Global Memory
- Global memory resides in device memory and device memory is accessed via 32-, 64-, or 128-byte memory transactions.
These memory transactions must be naturally aligned
- Only the 32-, 64-, or 128-byte segments of device memory that are aligned to their size (i.e. whose first address is a multiple of their size) can be read or written by memory transactions.
When a warp executes an instruction that accesses global memory, it coalesces the memory accesses of the threads within the warp into one or more of these memory transactions depending on the size of the word accessed by each thread and the distribution of the memory addresses across the threads.
- In general, the more transactions are necessary, the more unused words are transferred in addition to the words accessed by the threads, reducing the instruction throughput accordingly.

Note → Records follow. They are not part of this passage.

(* [ln (1 + t) >= t / (1 + t) >= t - t^2] *)
Lemma Fcal_le_sqr t : 0 <= t -> Fcal t <= t ^ 2.
Proof.
move=> t_ge0; rewrite /Fcal.
have := ln_le_sub1 (t := / (1 + t)) ltac:(apply: Rinv_0_lt_compat; lra).
rewrite ln_Rinv; last lra.
have -> : / (1 + t) - 1 = - t + t ^ 2 - t ^ 3 / (1 + t) by field; lra.
have : 0 <= t ^ 3 / (1 + t) by apply: Rdiv_le_0_compat; [apply: pow_le | lra].
lra.
Qed.

Lemma Rmin_sqr_abs_ge0 s : 0 <= Rmin (s ^ 2) (Rabs s).
Proof. by apply: Rmin_glb; [apply: pow2_ge_0 | apply: Rabs_pos]. Qed.

Lemma sqr_le_min_add_sqr s :
  s ^ 2 <= Rmin (s ^ 2) (Rabs s) + Rmin (s ^ 2) (Rabs s) ^ 2.
Proof.
rewrite -(pow2_abs s); have := Rabs_pos s.
rewrite /Rmin; case: Rle_dec; nra.
Qed.

Lemma Fcal_sqrt_sum_le n (s : 'I_n -> R) :
  Fcal (sqrt (Rsum (fun i => s i ^ 2))) <= 2 * Rsum (fun i => Rmin (s i ^ 2) (Rabs (s i))).
Proof.
set u := fun i => Rmin (s i ^ 2) (Rabs (s i)); set U := Rsum u.
set T := Rsum (fun i => s i ^ 2); set t := sqrt T.
have u_ge0 i : 0 <= u i by apply: Rmin_sqr_abs_ge0.
have U_ge0 : 0 <= U by apply: Rsum_ge0.
have T_le : T <= U + U ^ 2.
  apply: (Rle_trans _ _ _ (Rsum_le (fun i => sqr_le_min_add_sqr (s i)))).
  by rewrite Rsum_add; apply/Rplus_le_compat_l/Rsum_sqr_le.
have T_ge0 : 0 <= T by apply: Rsum_ge0 => i; apply: pow2_ge_0.
have t_ge0 : 0 <= t by apply: sqrt_pos.
have tt : t ^ 2 = T by rewrite /= Rmult_1_r sqrt_sqrt.
have [U_le1 | U_gt1] := Rle_lt_dec U 1.
- have := Fcal_le_sqr t_ge0; nra.
- have := Fcal_le_id t_ge0; nra.
Qed.

Lemma eigenvalue_inequality n (e : 'I_n -> R) beta :
  (1 <= n)%nat -> INR n <= beta -> (forall i, 0 <= e i) ->
  beta + Rsum (fun i => e i - 1) - beta * rpow (Rprod e) (1 / beta)
   >= 3 / (64 * beta) * (1 - INR n / beta) ^ 2 *
      Fcal (sqrt (Rsum (fun i => (e i - 1) ^ 2))).
Proof.
move=> n_gt0 n_le_beta e_ge0; have n_ge1 : 1 <= INR n by apply/(le_INR 1)/leP.
have beta_gt0 : 0 < beta by lra.
have amgm := rpow_prod_le_mean n_gt0 beta_gt0 e_ge0.
set p := INR n / beta in amgm *; set E := Rsum e.
set Rs := Rsum (fun i => rpow (e i) p) in amgm.
set U := Rsum (fun i => Rmin ((e i - 1) ^ 2) (Rabs (e i - 1))).
have p_01 : 0 < p <= 1.
  split; first by apply: Rdiv_lt_0_compat; lra.
  by apply: (Rmult_le_reg_r beta) => //; rewrite /p; field_simplify; lra.
have U_ge0 : 0 <= U by apply: Rsum_ge0 => i; apply: Rmin_sqr_abs_ge0.
have beta_amgm : beta * rpow (Rprod e) (1 / beta) <= beta / INR n * Rs.
  have -> : beta / INR n * Rs = beta * (Rs / INR n) by field; lra.
  by apply: Rmult_le_compat_l; lra.
have gap_scaled : (1 - p) / 8 * U <= beta - INR n + E - beta / INR n * Rs.
  have := sum_bernoulli_gap_ge p_01 e_ge0; rewrite -/U -/E -/Rs => gap_sum.
  have := Rmult_le_compat_l (beta / INR n) _ _ ltac:(apply: Rdiv_le_0_compat; lra) gap_sum.
  have -> : beta / INR n * (p * (1 - p) / 8 * U) = (1 - p) / 8 * U.
    by rewrite /p; field; lra.
  by have -> : beta / INR n * (INR n * (1 - p) + p * E - Rs) =
    beta - INR n + E - beta / INR n * Rs by rewrite /p; field; lra.
set c := 3 / (64 * beta) * (1 - p) ^ 2.
(* [2 c <= (1 - p) / 8] because [6 (1 - p) <= 8 <= 8 beta]. *)
have cU_le : c * (2 * U) <= (1 - p) / 8 * U.
  have -> : c * (2 * U) = (1 - p) / 8 * U * (6 * (1 - p) / (8 * beta)).
    by rewrite /c; field; lra.
  have : 6 * (1 - p) / (8 * beta) <= 1.
    by apply: (Rmult_le_reg_r (8 * beta)); [lra | field_simplify; lra].
  have : 0 <= (1 - p) / 8 * U by apply: Rmult_le_pos; lra.
  nra.
have c_ge0 : 0 <= c by apply: Rmult_le_pos; [apply: Rdiv_le_0_compat; lra | apply: pow2_ge_0].
have := Rmult_le_compat_l c _ _ c_ge0 (Fcal_sqrt_sum_le (fun i => e i - 1)).
rewrite Rsum_sub Rsum_const -/E -/U; lra.
Qed.

Theorem lemma3 (n : nat) (beta : R) (M : 'M[R]_n) :
  (1 <= n)%nat ->
  INR n <= beta ->
  symmetricR M -> psdR M ->
  beta + trR (msub M (idR n)) - beta * rpow (detR M) (1 / beta)
   >= 3 / (64 * beta) * (1 - INR n / beta) ^ 2 * Fcal (hsnorm (msub M (idR n))).
Proof.
move=> n_ge1 n_le_beta M_sym M_psd.
have [e [e_ge0 [-> [-> ->]]]] := eigenvalues_symmetric_psd M_sym M_psd.
exact: eigenvalue_inequality.
Qed.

- For example, if a 32-byte memory transaction is generated for each thread’s 4-byte access, throughput is divided by 8.
How many transactions are necessary and how much throughput is ultimately affected varies with the compute capability of the device.
- For devices of compute capability 2.x and higher, the memory transactions are cached, so data locality is exploited to reduce impact on throughput.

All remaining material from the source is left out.